STP lahir atas kerjasama Pemkot Solo, Akademi Teknik Mesin Industri (ATMI) dan Indonesian German Institute (IGI), merupakan pengembangan dari Surakarta Competency and Technology Center (SCTC) yang berdiri tahun 2002. Lembaga diklat ini kemudian menjadi unit kerja dibawah Bappeda Kota Solo yang dibentuk berdasarkan Keputusan Walikota No 900/65/1/2009 tanggal 31 Desember 2009. 


Ada tiga tahap diklat yang harus dilalui peserta di tempat tersebut, yaitu tahap pengetahuan dasar mekanik (basic mechanic), tahap program lanjutan (applied program) dan magang kerja (work study). Masing-masing dari tahapan tersebut memerlukan waktu tiga bulan, sehingga total masa diklat selama sembilan bulan. Bagi peserta yang lulus di masing-masing tahap, dengan nilai minimal 5,51 maka akan diberikan sertifikat berstandar industri ATMI Solo.

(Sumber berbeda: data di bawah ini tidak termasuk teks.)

Lemma birkhoff_coboundary h p x :
  birkhoff (fun w => h (shift w) - h w) p x = h (shiftn p x) - h x.
Proof. revert x; induction p as [|p IH]; intros x; simpl; [lra|]. rewrite IH; lra. Qed.

Lemma birkhoff_cohomologous f g h p x : (forall w, f w - g w = h (shift w) - h w) ->
  shiftn p x = x -> birkhoff f p x = birkhoff g p x.
Proof.
  intros Hfg Hx.
  rewrite (birkhoff_affine g (fun w => h (shift w) - h w) f 1 p x) by (intros w; rewrite <- Hfg; lra).
  rewrite birkhoff_coboundary, Hx; lra.
Qed.

Lemma birkhoff_local f m p x y : local m f -> agree (p + m) x y -> birkhoff f p x = birkhoff f p y.
Proof.
  intros Hf; revert x y; induction p as [|p IH]; intros x y Hxy; simpl; [reflexivity|].
  rewrite (Hf x y), (IH (shift x) (shift y)); [reflexivity| |].
  - intros k Hk; apply Hxy; simpl; lia.
  - intros k Hk; apply Hxy; simpl; lia.
Qed.

Definition cyl_ind (n : nat) (x w : Sigma N A) : R := if agree_dec n w x then 1 else 0.

Lemma cyl_ind_local n x : local n (cyl_ind n x).
Proof.
  intros w w' Hw. unfold cyl_ind.
  destruct (agree_dec n w x) as [H1|H1], (agree_dec n w' x) as [H2|H2]; try reflexivity; exfalso.
  - apply H2; intros k Hk; rewrite <- (Hw k Hk); apply H1, Hk.
  - apply H1; intros k Hk; rewrite (Hw k Hk); apply H2, Hk.
Qed.

Lemma cyl_ind_bounds n x w : 0 <= cyl_ind n x w <= 1.
Proof. unfold cyl_ind; destruct agree_dec; lra. Qed.

Lemma cyl_ind_center n x : cyl_ind n x x = 1.
Proof. unfold cyl_ind; destruct agree_dec as [|Hn]; [reflexivity|]. exfalso; apply Hn; intros k _; reflexivity. Qed.

End Birkhoff.

Lemma Lub_le (E : R -> Prop) b : (forall x, E x -> x <= b) -> Rbar_le (Lub_Rbar E) (Finite b).
Proof. intros Hb. apply (proj2 (Lub_Rbar_correct E)). exact Hb. Qed.

Lemma Lub_ge (E : R -> Prop) x : E x -> Rbar_le (Finite x) (Lub_Rbar E).
Proof. intros Hx. apply (proj1 (Lub_Rbar_correct E)), Hx. Qed.

Lemma C_ext (x y : C) : Re x = Re y -> Im x = Im y -> x = y.
Proof. destruct x, y; unfold Re, Im; simpl; intros; subst; reflexivity. Qed.

Section Norms.
Context {N : nat} {A : nat -> nat -> nat}.

Lemma var_zero_local (phi : Sigma N A -> C) m : Defs.var phi m = Finite 0 -> local m (fun w => Re (phi w)).
Proof.
  intros Hv w w' Ha.
  assert (Hle : Rbar_le (Finite (Cmod (Cminus (phi w) (phi w')))) (Defs.var phi m))
    by (apply Lub_ge; exists w, w'; split; [exact Ha | reflexivity]).
  rewrite Hv in Hle; simpl in Hle.
  pose proof (re_le_Cmod (Cminus (phi w) (phi w'))) as Hre.
  pose proof (Rabs_pos (Re (Cminus (phi w) (phi w')))).
  assert (E : Re (Cminus (phi w) (phi w')) = 0) by (apply Rabs_eq_0; lra).
  unfold Re in *; simpl in E; lra.
Qed.

Lemma var_add_local (phi f : Sigma N A -> C) K m : (K <= m)%nat ->
  (forall w w', agree K w w' -> f w = f w') -> Defs.var (fun w => Cplus (phi w) (f w)) m = Defs.var phi m.
Proof.
  intros HKm Hf. apply Lub_Rbar_eqset.
  intros r; split; intros [w [w' [Ha ->]]]; exists w, w'; split; [exact Ha| |exact Ha|];
    (assert (E : f w = f w') by (apply Hf; intros k Hk; apply Ha; lia));
    f_equal; apply C_ext; unfold Re, Im; simpl; rewrite E; lra.
Qed.

Lemma inV_add_local (phi f : Sigma N A -> C) K : inV phi ->
  (forall w w', agree K w w' -> f w = f w') -> inV (fun w => Cplus (phi w) (f w)).
Proof.
  intros Hphi Hf eps He. destruct (Hphi eps He) as [M0 HM0]. exists (max M0 K). intros m Hm.
  rewrite (var_add_local phi f K m) by (lia || exact Hf). apply HM0; lia.
Qed.

Lemma normth_local_bound (th t : R) K (f : Sigma N A -> C) : 0 < th < 1 ->
  (forall w, Cmod (f w) <= t) -> (forall w w', agree K w w' -> f w = f w') ->
  Rbar_le (normth th f) (Finite (t + 2 * t / th ^ K)).
Proof.
  intros Hth Hf Hl. apply (Rbar_plus_le_compat _ (Finite t) _ (Finite (2 * t / th ^ K))).
  - apply Lub_le. intros x [w ->]. apply Hf.
  - apply Lub_le. intros x [w [w' [n [Ha [_ ->]]]]].
    pose proof (pow_lt th n ltac:(lra)) as Hn.
    assert (Hdiff : Cmod (Cminus (f w) (f w')) <= 2 * t).
    { unfold Cminus. eapply Rle_trans; [apply Cmod_triangle|]. rewrite Cmod_opp.
      pose proof (Hf w); pose proof (Hf w'); lra. }
    destruct (Nat.le_gt_cases K n) as [HKn|HKn].
    + rewrite (Hl w w') by (intros k Hk; apply Ha; lia).
      replace (Cminus (f w') (f w')) with (RtoC 0) by (apply C_ext; unfold Re, Im; simpl; lra).
      rewrite Cmod_0, Rdiv_0_l. apply Rdiv_le_0_compat; [|apply pow_lt; lra].
      pose proof (Cmod_ge_0 (f w)) as H0; pose proof (Hf w); lra.
    + assert (Hpow : th ^ K <= th ^ n).
      { replace K with (n + (K - n))%nat by lia. rewrite pow_add.
        pose proof (pow_incr th 1 (K - n) ltac:(lra)) as H1. rewrite pow1 in H1.
        pose proof (pow_lt th (K - n) ltac:(lra)). nra. }
      unfold Rdiv. apply Rle_trans with (2 * t * / th ^ n).
      * apply Rmult_le_compat_r; [left; apply Rinv_0_lt_compat|]; assumption.
      * apply Rmult_le_compat_l; [pose proof (Cmod_ge_0 (Cminus (f w) (f w'))); lra|].
        apply Rinv_le_contravar; [apply pow_lt; lra | exact Hpow].
Qed.

Lemma sup_lt_of_normth_lt (th e : R) (f : Sigma N A -> C) : 0 < th ->
  (exists (w w' : Sigma N A) n, agree n w w' /\ proj1_sig w n <> proj1_sig w' n) ->
  Rbar_lt (normth th f) (Finite e) -> forall w, Cmod (f w) < e.
Proof.
  intros Hth [w1 [w2 [n [Ha Hn]]]] Hlt w.
  assert (H0 : Rbar_le (Finite 0) (lipconst th f)).
  { eapply Rbar_le_trans; [|apply Lub_ge; exists w1, w2, n; split; [exact Ha|split; [exact Hn|reflexivity]]].
    apply Rdiv_le_0_compat; [apply Cmod_ge_0 | apply pow_lt; exact Hth]. }
  assert (H1 : Rbar_le (Finite (Cmod (f w))) (supnorm f)) by (apply Lub_ge; exists w; reflexivity).
  unfold normth in Hlt.
  destruct (supnorm f) as [s| |], (lipconst th f) as [l| |]; simpl in *; try lra; tauto.
Qed.

Lemma perturb_in_nbhd (s : list R) eps K t (phi : Sigma N A -> C) (g : Sigma N A -> R) :
  valid_thetas s -> inV phi -> local K g -> (forall w, 0 <= g w <= 1) -> 0 < t ->
  (forall th, In th s -> t + 2 * t / th ^ K < eps) ->
  in_nbhd s eps phi (fun w => Cplus (phi w) (RtoC (t * g w))).
Proof.
  intros Hs Hphi Hg Hg01 Ht Hsmall. split.
  - apply (inV_add_local phi _ K Hphi). intros w w' Hw. now rewrite (Hg w w' Hw).
  - assert (Ediff : (fun w => Cminus (Cplus (phi w) (RtoC (t * g w))) (phi w)) = (fun w => RtoC (t * g w))).
    { apply functional_extensionality; intros w. apply C_ext; unfold Re, Im; simpl; lra. }
    intros th Hth. cbv beta. rewrite Ediff.
    eapply Rbar_le_lt_trans; [apply (normth_local_bound th t K); [apply Hs, Hth | |] | apply Hsmall, Hth].
    + intros w. rewrite Cmod_R, Rabs_pos_eq; specialize (Hg01 w); nra.
    + intros w w' Hw. rewrite (Hg w w' Hw). reflexivity.
Qed.
(* Let $F$ be a quantifier-free formula and let $\mathbf c$ be a finite set of object constants containing every object constant occurring in $F$. Then the formula $F^*(\mathbf e_{\mathbf c})\rightarrow\mathit{in}_{\mathbf c}(\mathrm{RV}(F))$ is logically valid.
   Context: Formulas are first-order formulas with object constants, predicate constants and equality but no function constants of arity $>0$; primitive connectives are $\bot,\land,\lor,\rightarrow$ ($\neg F$ is $F\rightarrow\bot$, $\top$ is $\bot\rightarrow\bot$). Let $\mathbf p=p_1,\dots,p_n$ be the predicate constants occurring in $F$ and $\mathbf u=u_1,\dots,u_n$ predicate variables of matching arities. $F^*(\mathbf u)$ is defined recursively: $p_i(\mathbf t)^*=u_i(\mathbf t)$; $(t_1=t_2)^*=(t_1=t_2)$; $\bot^*=\bot$; $(G\land H)^*=G^*\land H^*$; $(G\lor H)^*=G^*\lor H^*$; $(G\rightarrow H)^*=(G^*\rightarrow H^* )\land(G\rightarrow H)$; $(\forall xG)^*=\forall xG^*$; $(\exists xG)^*=\exists xG^*$. For a finite set $\mathbf c$ of object constants, $\mathit{in}_{\mathbf c}(x_1,\dots,x_m)$ denotes $\bigwedge_{1\le j\le m}\bigvee_{c\in\mathbf c}x_j=c$; for a finite set $V$ of variables, $\mathit{in}_{\mathbf c}(V)$ denotes $\mathit{in}_{\mathbf c}$ applied to the variables of $V$ (the empty conjunction being $\top$). $\mathbf e_{\mathbf c}$ denotes the list of predicate expressions $\lambda\mathbf x(p_i(\mathbf x)\land\mathit{in}_{\mathbf c}(\mathbf x))$, and $F^*(\mathbf e_{\mathbf c})$ is the result of replacing each atomic part $u_i(\mathbf t)$ of $F^*(\mathbf u)$ by $p_i(\mathbf t)\land\mathit{in}_{\mathbf c}(\mathbf t)$. Restricted variables: $\mathrm{RV}(F)$ for quantifier-free $F$: if $F$ is an equality between two variables, $\mathrm{RV}(F)=\emptyset$; if $F$ is any other atomic formula, $\mathrm{RV}(F)$ is the set of variables occurring in $F$; $\mathrm{RV}(\bot)=\emptyset$; $\mathrm{RV}(G\land H)=\mathrm{RV}(G)\cup\mathrm{RV}(H)$; $\mathrm{RV}(G\lor H)=\mathrm{RV}(G)\cap\mathrm{RV}(H)$; $\mathrm{RV}(G\rightarrow H)=\emptyset$. *)

From Stdlib Require Import List Arith.
Import ListNotations.

Inductive term : Type :=
| TVar : nat -> term
| TConst : nat -> term.

Inductive formula : Type :=
| FBot : formula
| FEq : term -> term -> formula
| FPred : nat -> list term -> formula
| FPVar : nat -> list term -> formula
| FAnd : formula -> formula -> formula
| FOr : formula -> formula -> formula
| FImp : formula -> formula -> formula
| FAll : nat -> formula -> formula
| FEx : nat -> formula -> formula.

Definition FTop : formula := FImp FBot FBot.

Fixpoint bigAnd (l : list formula) : formula :=
  match l with [] => FTop | [f] => f | f :: l' => FAnd f (bigAnd l') end.
Fixpoint bigOr (l : list formula) : formula :=
  match l with [] => FBot | [f] => f | f :: l' => FOr f (bigOr l') end.

Definition in_c (c : list nat) (ts : list term) : formula :=
  bigAnd (map (fun t => bigOr (map (fun k => FEq t (TConst k)) c)) ts).

Definition in_c_vars (c : list nat) (V : list nat) : formula :=
  in_c c (map TVar V).

Fixpoint star (F : formula) : formula :=
  match F with
  | FBot => FBot
  | FEq t1 t2 => FEq t1 t2
  | FPred i ts => FPVar i ts
  | FPVar i ts => FPVar i ts
  | FAnd G H => FAnd (star G) (star H)
  | FOr G H => FOr (star G) (star H)
  | FImp G H => FAnd (FImp (star G) (star H)) (FImp G H)
  | FAll x G => FAll x (star G)
  | FEx x G => FEx x (star G)
  end.

(* Substituting the predicate expressions e_c = \x (p_i(x) /\ in_c(x)) for the u_i:
   each atomic part u_i(t) becomes p_i(t) /\ in_c(t). *)
Fixpoint subst_e (c : list nat) (F : formula) : formula :=
  match F with
  | FPVar i ts => FAnd (FPred i ts) (in_c c ts)
  | FAnd G H => FAnd (subst_e c G) (subst_e c H)
  | FOr G H => FOr (subst_e c G) (subst_e c H)
  | FImp G H => FImp (subst_e c G) (subst_e c H)
  | FAll x G => FAll x (subst_e c G)
  | FEx x G => FEx x (subst_e c G)
  | _ => F
  end.

Definition star_e (c : list nat) (F : formula) : formula := subst_e c (star F).

(* Formulas of the object language: no predicate variables. Quantifier-free ones. *)
Fixpoint qf (F : formula) : Prop :=
  match F with
  | FBot | FEq _ _ | FPred _ _ => True
  | FPVar _ _ => False
  | FAnd G H | FOr G H | FImp G H => qf G /\ qf H
  | FAll _ _ | FEx _ _ => False
  end.

Definition term_consts (t : term) : list nat :=
  match t with TVar _ => [] | TConst k => [k] end.
Definition term_vars (t : term) : list nat :=
  match t with TVar x => [x] | TConst _ => [] end.

Fixpoint consts (F : formula) : list nat :=
  match F with
  | FBot => []
  | FEq t1 t2 => term_consts t1 ++ term_consts t2
  | FPred _ ts | FPVar _ ts => flat_map term_consts ts
  | FAnd G H | FOr G H | FImp G H => consts G ++ consts H
  | FAll _ G | FEx _ G => consts G
  end.

(* Restricted variables RV(F) for quantifier-free F (as a list; order/duplicates irrelevant). *)
Fixpoint RV (F : formula) : list nat :=
  match F with
  | FBot => []
  | FEq (TVar _) (TVar _) => []
  | FEq t1 t2 => term_vars t1 ++ term_vars t2
  | FPred _ ts | FPVar _ ts => flat_map term_vars ts
  | FAnd G H => RV G ++ RV H
  | FOr G H => filter (fun x => existsb (Nat.eqb x) (RV H)) (RV G)
  | FImp _ _ => []
  | FAll _ _ | FEx _ _ => [] (* not used: RV is only defined for quantifier-free F *)
  end.

Record structure := {
  dom : Type;
  dom_inhabited : dom;
  iconst : nat -> dom;
  ipred : nat -> list dom -> Prop;
  ipvar : nat -> list dom -> Prop
}.

Definition eval_term (M : structure) (v : nat -> dom M) (t : term) : dom M :=
  match t with TVar x => v x | TConst k => iconst M k end.

Definition update {D : Type} (v : nat -> D) (x : nat) (d : D) : nat -> D :=
  fun y => if Nat.eqb y x then d else v y.

Fixpoint sat (M : structure) (v : nat -> dom M) (F : formula) : Prop :=
  match F with
  | FBot => False
  | FEq t1 t2 => eval_term M v t1 = eval_term M v t2
  | FPred i ts => ipred M i (map (eval_term M v) ts)
  | FPVar i ts => ipvar M i (map (eval_term M v) ts)
  | FAnd G H => sat M v G /\ sat M v H
  | FOr G H => sat M v G \/ sat M v H
  | FImp G H => sat M v G -> sat M v H
  | FAll x G => forall d : dom M, sat M (update v x d) G
  | FEx x G => exists d : dom M, sat M (update v x d) G
  end.

Definition valid (F : formula) : Prop :=
  forall (M : structure) (v : nat -> dom M), sat M v F.

(** Satisfying [F^*(e_c)] forces each restricted variable of [F] to denote
    a constant of [c]: an atom [p(t)] becomes [p(t) /\ in_c(t)], an equation
    [x = k] with [k] in [c] already says so, a conjunction inherits the
    restricted variables of both conjuncts and a disjunction only those common
    to both disjuncts. *)

From Stdlib Require Import List.

Lemma sat_bigAnd M v l :
  sat M v (bigAnd l) <-> forall f, In f l -> sat M v f.
Proof.
  induction l as [|f [|g l] IH]; cbn [bigAnd sat In] in *.
  - split; [intros _ f []|intros _ []].
  - split; [intros H ? [<-|[]]; exact H|intros H; apply H; auto].
  - rewrite IH. split.
    + intros [Hf Hl] h [<-|Hh]; auto.
    + intros H; split; auto.
Qed.

Lemma sat_bigOr M v l :
  sat M v (bigOr l) <-> exists f, In f l /\ sat M v f.
Proof.
  induction l as [|f [|g l] IH]; cbn [bigOr sat In] in *.
  - split; [tauto|intros [f [[] _]]].
  - split; [eauto|intros [h [[<-|[]] Hh]]; exact Hh].
  - rewrite IH. split.
    + intros [Hf|[h [Hh Hs]]]; eauto.
    + intros [h [[<-|Hh] Hs]]; eauto.
Qed.

Definition in_consts (M : structure) (c : list nat) (d : dom M) : Prop :=
  exists k, In k c /\ d = iconst M k.

Lemma sat_in_c M v c ts :
  sat M v (in_c c ts) <-> forall t, In t ts -> in_consts M c (eval_term M v t).
Proof.
  unfold in_c, in_consts. rewrite sat_bigAnd. split.
  - intros H t Ht.
    apply (in_map (fun t => bigOr (map (fun k => FEq t (TConst k)) c))), H in Ht.
    apply sat_bigOr in Ht as [f [Hf Hs]].
    apply in_map_iff in Hf as [k [<- Hk]]. eauto.
  - intros H f Hf.
    apply in_map_iff in Hf as [t [<- Ht]].
    destruct (H t Ht) as [k [Hk E]].
    apply sat_bigOr. exists (FEq t (TConst k)). split; [exact (in_map (fun k => FEq t (TConst k)) c k Hk)|exact E].
Qed.

Lemma sat_in_c_vars M v c V :
  sat M v (in_c_vars c V) <-> forall x, In x V -> in_consts M c (v x).
Proof.
  unfold in_c_vars. rewrite sat_in_c. split.
  - intros H x Hx. exact (H (TVar x) (in_map TVar V x Hx)).
  - intros H t Ht. apply in_map_iff in Ht as [x [<- Hx]]. exact (H x Hx).
Qed.

Lemma in_c_restricts_vars M v c ts :
  sat M v (in_c c ts) ->
  forall x, In x (flat_map term_vars ts) -> in_consts M c (v x).
Proof.
  intros Hs x Hx. apply in_flat_map in Hx as [[y|k] [Ht Hx]]; cbn in Hx.
  - destruct Hx as [<-|[]]. exact (proj1 (sat_in_c M v c ts) Hs (TVar y) Ht).
  - destruct Hx.
Qed.

Lemma star_e_restricts_RV M v c F :
  incl (consts F) c -> sat M v (star_e c F) ->
  forall x, In x (RV F) -> in_consts M c (v x).
Proof.
  unfold star_e.
  induction F as [| t1 t2 | i ts | i ts | G IHG H IHH | G IHG H IHH | G _ H _
                  | y G _ | y G _];
    cbn [star subst_e sat RV consts]; intros Hc Hs x Hx; try contradiction.
  - destruct t1 as [a|a], t2 as [b|b]; cbn in Hx, Hs, Hc; try contradiction;
      destruct Hx as [<-|[]].
    + exists b. split; [apply Hc; left|]; auto.
    + exists a. split; [apply Hc; left|]; auto.
  - exact (in_c_restricts_vars M v c ts (proj2 Hs) x Hx).
  - exact (in_c_restricts_vars M v c ts (proj2 Hs) x Hx).
  - apply incl_app_inv in Hc as [HcG HcH]. destruct Hs as [HsG HsH].
    apply in_app_or in Hx as [Hx|Hx]; [apply IHG|apply IHH]; assumption.
  - apply incl_app_inv in Hc as [HcG HcH].
    apply filter_In in Hx as [HxG HxH].
    apply existsb_exists in HxH as [z [HzH E]].
    apply PeanoNat.Nat.eqb_eq in E; subst z.
    destruct Hs as [Hs|Hs]; [apply IHG|apply IHH]; assumption.
Qed.

Theorem lemma2 (F : formula) (c : list nat) :
  qf F ->
  (forall k, In k (consts F) -> In k c) ->
  valid (FImp (star_e c F) (in_c_vars c (RV F))).
Proof.
  intros _ Hc M v Hs.
  apply sat_in_c_vars.
  exact (star_e_restricts_RV M v c F Hc Hs).
Qed.
Lemma dot_bound (v w : C) : Rabs (dot v w) <= Cmod v * Cmod w.
Proof.
  replace (dot v w) with (Re (Cconj v * w)) by (unfold dot, Re, Cconj, Cmult; simpl; ring).
  rewrite <- Cmod_conj, <- Cmod_mult. apply re_le_Cmod.
Qed.

Lemma dot_self (v : C) : dot v v = Cmod v ^ 2.
Proof. rewrite Cmod_sqr. unfold dot. ring. Qed.

Lemma frame_decomp (t v : C) : 0 < Cmod t ->
  v = (RtoC (dot t v / Cmod t ^ 2) * t + RtoC (dot (Ci * t) v / Cmod t ^ 2) * (Ci * t))%C.
Proof.
  intros Ht.
  assert (E : (RtoC (Cmod t ^ 2) * v = RtoC (dot t v) * t + RtoC (dot (Ci * t) v) * (Ci * t))%C)
    by (rewrite Cmod_sqr; destruct t, v; unfold dot, Ci, Cmult, Cplus; simpl; f_equal; ring).
  transitivity (RtoC (/ Cmod t ^ 2) * (RtoC (Cmod t ^ 2) * v))%C.
  - rewrite Cmult_assoc, <- RtoC_mult, Rinv_l, Cmult_1_l; [reflexivity | apply pow_nonzero; lra].
  - rewrite E. unfold Rdiv. rewrite !RtoC_mult. ring.
Qed.

Lemma orth_decomp (t v : C) : 0 < Cmod t -> dot t v = 0 ->
  v = (RtoC (dot (Ci * t) v / Cmod t ^ 2) * (Ci * t))%C.
Proof.
  intros Ht Hdot. rewrite (frame_decomp t v Ht) at 1. rewrite Hdot, Rdiv_0_l, Cmult_0_l. ring.
Qed.

Lemma disk_Cmod (c : C) (r : R) (p : C) : 0 <= r -> disk c r p <-> Cmod (p - c) < r.
Proof.
  intros Hr. assert (E := Cmod_sqr (p - c)). assert (H0 := Cmod_ge_0 (p - c)).
  unfold disk. simpl in E. replace (fst p + - fst c) with (fst p - fst c) in E by ring.
  replace (snd p + - snd c) with (snd p - snd c) in E by ring.
  split; intro H.
  - destruct (Rlt_or_le (Cmod (p - c)) r) as [h | h]; auto. exfalso. nra.
  - nra.
Qed.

Demikian disampaikan Marketing STP, Sutrisno, saat saya temui dikantornya, Senin (30/8). 


Sutrisno menjelaskan, pada tahap dasar peserta akan mendapat training seputar manufacture mechanic yang meliputi kerja bangku (benchwork), peralatan gerinda (tool grinding), mesin bubut (turning basic skill), mesin frais/milling (milling basic skill) dan mesin las (welding basic skill). Setelah lulus pada tahap dasar mekanik, peserta bisa melanjutkan ke program lanjutan untuk implementasi. 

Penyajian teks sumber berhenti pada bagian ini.